Photo Copyright: Maggie May
As the week is passing by, I am reducing my pain relief considerably, and apart from my usual arthritic pain, I am enjoying the freedom from that dreadful bone pain I had prior to the radiation treatments.
Pain is the very opposite of all that is good in life.
It has the power to impair a brain's functioning. It drains your energy. It takes over your mind, your body, your thinking, your creativity.
Like the pains of childbirth, when it has stopped, the severity of it disappears somewhere into the unconscious mind and a little door is shut on it. It isn't until there is a repeat experience of it that you remember how awful it is again.
At present, I am just having to wait and see what happens next and try enjoy each day as it comes.
This doesn't come easily to me.... the born worrier.
Will IT come back?
However, each day is a gift of extra life...... a bonus.
All that I know is ..... that I feel things more intensely. My family and friends mean more to me than before. The sky, the garden flowers and colours all seem more intense than they did before. My freedom seems more important too and I am making plans to go to the singing group again and take trips to the sea.
Everything that isn't life threatening seems to be quite unimportant to me. I used to worry about the most ridiculous things. I wasted so much time doing this.
People, on the whole, seem to be friendly and supportive towards me. However, there are still some who feel terribly awkward when they spot me and would rather run into a shop than to have to say anything.
I feel it is better to risk not saying the right thing than to run away. I don't think there is a right or a wrong thing to say anyway. Just be yourself.
I don't think people find it easy to meet up with anyone who is having a close brush with death. I think its not in our culture. "If I don't have to talk about this, I don't have to face up to the problem of cancer."
They feel threatened when they get close to someone with persistent cancer. It makes them feel under threat too. "If this can happen to her, then it could happen to me. I'd rather not think about it right now."
It is a big problem. One only has to spend a short time in Oncology to realise just how common the problem is.
I hope by talking about it that I will help others to drop their barriers a bit, though much of the time I want to be treated as normal. I am Maggie, the same person as I have always been ..... I experience the same things as you and face the same fears as you.
I just happen to be battling cancer.
I don't always want to talk about it but sometimes I do because my whole life is so tied up with how it affects me and how it makes me feel.
One day it will get me but not yet. I have so many things I want to see.
I want to see my granddaughters at least get settled into Secondary school. I want to share in the joys of their new house. I want to be able to do things with them again.
Amber, my eldest granddaughter, on hearing that I had finished my treatment, said to me, "Oh good now you can start doing things with me again."
She knows that I have cancer and she also knows I've had a problem with a sore bottom. Goodness only knows what she has said at school. (Don't forget that I used to work there.)
Some people see me standing in the playground and look the other way. Some of them are work mates or parents I knew very well. They are not all like that though, by any means.

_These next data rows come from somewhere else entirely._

Lemma dihedral_height_rotation a : dihedral_height (rotation a) = 1.
Proof. by rewrite /dihedral_height imset_f. Qed.

Lemma dihedral_height_reflection c : dihedral_height (reflection c) = 0.
Proof.
rewrite /dihedral_height; case: imsetP => // -[a _ /eqP].
by rewrite eq_sym (negPf (rotation_neq_reflection a c)).
Qed.

Lemma sum_rotation_pmx (p : pred I) i j :
  (\sum_(a | p a) pm (rotation a)) i j = (p (j - i))%:R.
Proof.
rewrite summxE -sum_indicator; apply: eq_bigr => a _.
by rewrite pmxE rotationE (addrC i) eq_sym -subr_eq eq_sym.
Qed.

Lemma sum_reflection_pmx (p : pred I) i j :
  (\sum_(a | p a) pm (reflection a)) i j = (p (i + j))%:R.
Proof.
rewrite summxE -sum_indicator; apply: eq_bigr => a _.
by rewrite pmxE reflectionE subr_eq (addrC j).
Qed.

Lemma lower_cell_misses_rotation S (p : pred I) a0 :
  lower_cell D dihedral_height S -> (forall i j, p (j - i) = p (i + j)) -> p a0 ->
  exists2 a, p a & rotation a \notin S.
Proof.
move=> [_ [C [c0 HC]]] p_sym pa0.
case: (pickP (fun a => p a && (rotation a \notin S))) => [a /andP[]|all_in].
  by exists a.
have sum_rot : \sum_(a | p a) affine_fun C c0 (pm (rotation a)) = \sum_(a | p a) 1.
  apply: eq_bigr => a pa; rewrite -(dihedral_height_rotation a).
  apply/(HC _ (rotation_dihedral a)).2.
  by move: (all_in a); rewrite pa => /negbFE.
have sum_ref : \sum_(a | p a) affine_fun C c0 (pm (reflection a)) <= 0.
  apply: sumr_le0 => a _; rewrite -(dihedral_height_reflection a).
  exact: (HC _ (reflection_dihedral a)).1.
have sum_pos : 0 < \sum_(a | p a) (1 : R).
  by rewrite (bigD1 a0) //= ltr_pwDl // sumr_ge0.
have sum_pmx : \sum_(a | p a) pm (rotation a) = \sum_(a | p a) pm (reflection a).
  by apply/matrixP => i j; rewrite sum_rotation_pmx sum_reflection_pmx p_sym.
rewrite sum_affine_fun -sum_pmx -sum_affine_fun sum_rot in sum_ref.
by move: sum_pos; rewrite ltNge sum_ref.
Qed.

Section Dependence.
Variable b : 'S_n -> R.
Hypothesis dep_b : \sum_(g in D) b g *: pm g = 0.

Lemma dependence_entry i j : b (rotation (j - i)) + b (reflection (i + j)) = 0.
Proof.
have := congr1 (fun M : 'M[R]_n => M i j) dep_b; rewrite /= mxE summxE => <-.
rewrite (bigD1 (rotation (j - i))) ?rotation_dihedral //=.
rewrite (bigD1 (reflection (i + j))) /=; last first.
  by rewrite reflection_dihedral eq_sym rotation_neq_reflection.
rewrite big1 => [|g /andP[/andP[gD g_rot] g_ref]].
  by rewrite addr0 !mxE rotationE reflectionE subrKC (addrC i j) addrK eqxx !mulr1.
rewrite !mxE; case: eqP => [/(dihedral_set_mapsto gD)|]; last by rewrite mulr0.
by case=> g_eq; [move: g_rot|move: g_ref]; rewrite g_eq eqxx.
Qed.

Lemma dependence_reflection c : b (reflection c) = - b (rotation c).
Proof.
by apply/eqP; rewrite -addr_eq0 addrC -{1}(subr0 c) -{2}(add0r c) dependence_entry.
Qed.

Lemma dependence_rotation_sym i j : b (rotation (j - i)) = b (rotation (i + j)).
Proof.
have := dependence_entry i j; rewrite dependence_reflection.
by move=> /eqP; rewrite subr_eq0 => /eqP.
Qed.

Lemma dependence_rotation_coset2 a x : coset2 a x -> b (rotation x) = b (rotation a).
Proof.
move=> /existsP[k /eqP ->]; have := dependence_rotation_sym k (a + k).
by rewrite addrK => ->; congr (b (rotation _)); ring.
Qed.

End Dependence.

Lemma lower_cell_rotation_representative S a : lower_cell D dihedral_height S ->
  exists2 a', rotation a' \notin S &
    forall b, \sum_(g in D) b g *: pm g = 0 -> b (rotation a) = b (rotation a').
Proof.
move=> cellS.
have [a' a_a' a'S] := lower_cell_misses_rotation cellS (@coset2_sym m a) (coset2_refl a).
by exists a' => // b dep_b; rewrite (dependence_rotation_coset2 dep_b a_a').
Qed.

Lemma regular_triangulation_dihedral : regular_triangulation D dihedral_height.
Proof.
(* Cells are even linearly independent: the coefficient sum is not needed. *)
move=> S cellS a _ dep_a g gS; have sSD : S \subset D by case: cellS.
pose b y := if y \in S then a y else 0.
have dep_b : \sum_(y in D) b y *: pm y = 0.
  rewrite -[RHS]dep_a -(sum_if_mem (fun y => a y *: pm y) (subsetP sSD)).
  by apply: eq_bigr => y _; rewrite /b; case: ifP; rewrite ?scale0r.
have b_rot c : b (rotation c) = 0.
  have [a' a'S /(_ b dep_b) ->] := lower_cell_rotation_representative c cellS.
  by rewrite /b (negPf a'S).
have <- : b g = a g by rewrite /b gS.
case/setUP: (subsetP sSD g gS) => /imsetP[c _ ->]; first exact: b_rot.
by rewrite (dependence_reflection dep_b) b_rot oppr0.
Qed.

Lemma int_affine_comb_dihedral S x : lower_cell D dihedral_height S ->
  spans_aff_hull R D S -> x \in D -> int_affine_comb S (pm x).
Proof.
move=> cellS spanS xD; have sSD : S \subset D by case: cellS.
have [a [a1 aE]] := spanS x xD.
pose b y := (if y \in S then a y else 0) - (y == x)%:R.
have dep_b : \sum_(y in D) b y *: pm y = 0.
  rewrite (eq_bigr (fun y => (if y \in S then a y *: pm y else 0) -
                             (if y == x then pm y else 0))); last first.
    by move=> y _; rewrite /b scalerBl; case: ifP; case: eqP; rewrite ?scale0r ?scale1r.
  by rewrite sumrB (sum_if_mem _ (subsetP sSD)) sum_if_eq // -aE subrr.
have b_int y : y \in D -> b y \is a Num.int.
  have b_rot c : b (rotation c) \is a Num.int.
    have [a' a'S /(_ b dep_b) ->] := lower_cell_rotation_representative c cellS.
    by rewrite /b (negPf a'S) sub0r rpredN rpred_nat.
  case/setUP => /imsetP[c _ ->]; first exact: b_rot.
  by rewrite (dependence_reflection dep_b) rpredN.
have a_int s : s \in S -> (Num.floor (a s))%:~R = a s.
  move=> sS; apply/eqP; rewrite -intrEfloor -(subrK (s == x)%:R (a s)).
  by rewrite rpredD ?rpred_nat //; have := b_int s (subsetP sSD s sS); rewrite /b sS.
exists (fun s => Num.floor (a s)); split.
  by apply: (@intr_inj R); rewrite intr_sum (eq_bigr _ a_int) a1.
by rewrite aE; apply: eq_bigr => s /a_int ->.
Qed.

I often just open my arms and say, "Yes, I'm still here." That seems to break the ice and put others at their ease.
One person who I thought I knew extremely well said to me. How can you just keep acting normal when this is happening to you?"

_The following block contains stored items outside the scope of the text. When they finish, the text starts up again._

(* Let $\mathbf b\in\mathrm{Comp}_{p,n}$ and $\boldsymbol\lambda\in\mathcal P_{d,\mathbf b}$, let $o_{\boldsymbol\lambda}=\min\{k\ge1:\boldsymbol\lambda^{[k+t]}=\boldsymbol\lambda^{[t]}\ \forall t\}$, $p_{\boldsymbol\lambda}=p/o_{\boldsymbol\lambda}$, $n_{\boldsymbol\lambda}=n/p_{\boldsymbol\lambda}$, and $\sqrt{\boldsymbol\lambda}=(\boldsymbol\lambda^{[1]},\dots,\boldsymbol\lambda^{[o_{\boldsymbol\lambda}]})$ (the first $do_{\boldsymbol\lambda}$ components of $\boldsymbol\lambda$). Then the numbers $\gamma_{\mathbf b}(\sqrt{\boldsymbol\lambda})=\big(\ell(w_{\mathbf b})+\sum_{a=1}^p\beta(\overrightarrow{\boldsymbol\lambda^{[a]}})-\beta(\overrightarrow{\boldsymbol\lambda})\big)/p_{\boldsymbol\lambda}$ and $\alpha(\boldsymbol\lambda)=\frac12 n_{\boldsymbol\lambda}(rp-do_{\boldsymbol\lambda})-d\alpha(\mathbf b)/p_{\boldsymbol\lambda}$ are integers, and setting $$g_{\boldsymbol\lambda}=\dot\varepsilon^{\alpha(\boldsymbol\lambda)}\dot q^{\gamma_{\mathbf b}(\sqrt{\boldsymbol\lambda})}(\dot Q_1\cdots\dot Q_d)^{n_{\boldsymbol\lambda}(p-1)}\prod_{(i,j,s)\in[\sqrt{\boldsymbol\lambda}]}\ \prod_{1\le t\le do_{\boldsymbol\lambda}}\ \prod_{\substack{0\le a<p_{\boldsymbol\lambda}\\ a\ne0\text{ if }p_t=p_s}}\big(\dot\varepsilon^{ao_{\boldsymbol\lambda}}h^{\boldsymbol\lambda}_{ij}(s,t)-1\big)$$ one has $g_{\boldsymbol\lambda}\in\mathbb Z[\dot\varepsilon,\dot q^{\pm1},\dot Q_1^{\pm1},\dots,\dot Q_d^{\pm1}]$ and $$f_{\boldsymbol\lambda}=\dot\varepsilon^{\frac12 do_{\boldsymbol\lambda}n(1-p_{\boldsymbol\lambda})}\,g_{\boldsymbol\lambda}^{\,p_{\boldsymbol\lambda}}.$$
   Context: Setting: $p>1$, $d\ge1$, $n\ge3$, $r=pd$; $\mathcal F=\mathbb Q(\dot\varepsilon,\dot q,\dot Q_1,\dots,\dot Q_d)$, $\dot\varepsilon\in\mathbb C$ a primitive $p$th root of unity, $\dot q,\dot Q_i$ indeterminates. $\mathbf b=(b_1,\dots,b_p)$ is a composition of $n$ into $p$ nonnegative parts, $\alpha(\mathbf b)=\sum_iib_i$, $\ell(w_{\mathbf b})=\sum_{i<j}b_ib_j$. For an $r$-multipartition $\boldsymbol\lambda=(\lambda^{(1)},\dots,\lambda^{(r)})$, $\boldsymbol\lambda^{[t]}=(\lambda^{(dt-d+1)},\dots,\lambda^{(dt)})$ with $\boldsymbol\lambda^{[t+kp]}=\boldsymbol\lambda^{[t]}$; $\mathcal P_{d,\mathbf b}$ is the set of $\boldsymbol\lambda$ with $|\boldsymbol\lambda^{[t]}|=b_t$. $f_{\boldsymbol\lambda}$ is the explicit element $f_{\boldsymbol\lambda}=\dot\varepsilon^{\frac12 rn(p-1)-d\alpha(\mathbf b)}\dot q^{\ell(w_{\mathbf b})-\beta(\overrightarrow{\boldsymbol\lambda})+\sum_a\beta(\overrightarrow{\boldsymbol\lambda^{[a]}})}(\dot Q_1\cdots\dot Q_d)^{n(p-1)}\prod_{(i,j,s)\in[\boldsymbol\lambda]}\prod_{1\le t\le r,\,p_t\ne p_s}(h^{\boldsymbol\lambda}_{ij}(s,t)-1)$, which is the scalar by which the central element $z_{\mathbf b}$ of $\mathcal H_{d,\mathbf b}$ acts on the Specht module $S_{\mathbf b}(\boldsymbol\lambda)$. Notation: $\beta(\lambda)=\sum_i(i-1)\lambda_i$ for a partition; $\overrightarrow{\boldsymbol\mu}$ is the partition formed by all parts of all components of $\boldsymbol\mu$ sorted decreasingly; $[\boldsymbol\mu]=\{(i,j,s):1\le j\le\mu^{(s)}_i\}$; $h_{ij}(\lambda,\mu)=\lambda_i-i+\mu'_j-j+1$; each $1\le s\le r$ is written $s=d(p_s-1)+d_s$ with $1\le p_s\le p$, $1\le d_s\le d$; $h^{\boldsymbol\lambda}_{ij}(s,t)=\dot\varepsilon^{p_s-p_t}\dot q^{h_{ij}(\lambda^{(s)},\lambda^{(t)})}\dot Q_{d_s}\dot Q_{d_t}^{-1}$. *)

From HB Require Import structures.
From mathcomp Require Import all_boot all_order all_algebra.
Set Implicit Arguments. Unset Strict Implicit. Unset Printing Implicit Defensive.
Import Order.TTheory GRing.Theory Num.Theory.
Local Open Scope ring_scope.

Well my answer really is, "What else can I do? Do I just lie down and wait to die? It might take a long time and it would be a bit of a waste of time, don't you think?"
I am learning to laugh at this because it is a terrible problem and one that any body might have to face sooner or later.
So how about seeking out someone you know who might be battling cancer or any other disease (that people find difficult) that takes you out of your comfort zone?
You might make a difference in that person's life. More than you think.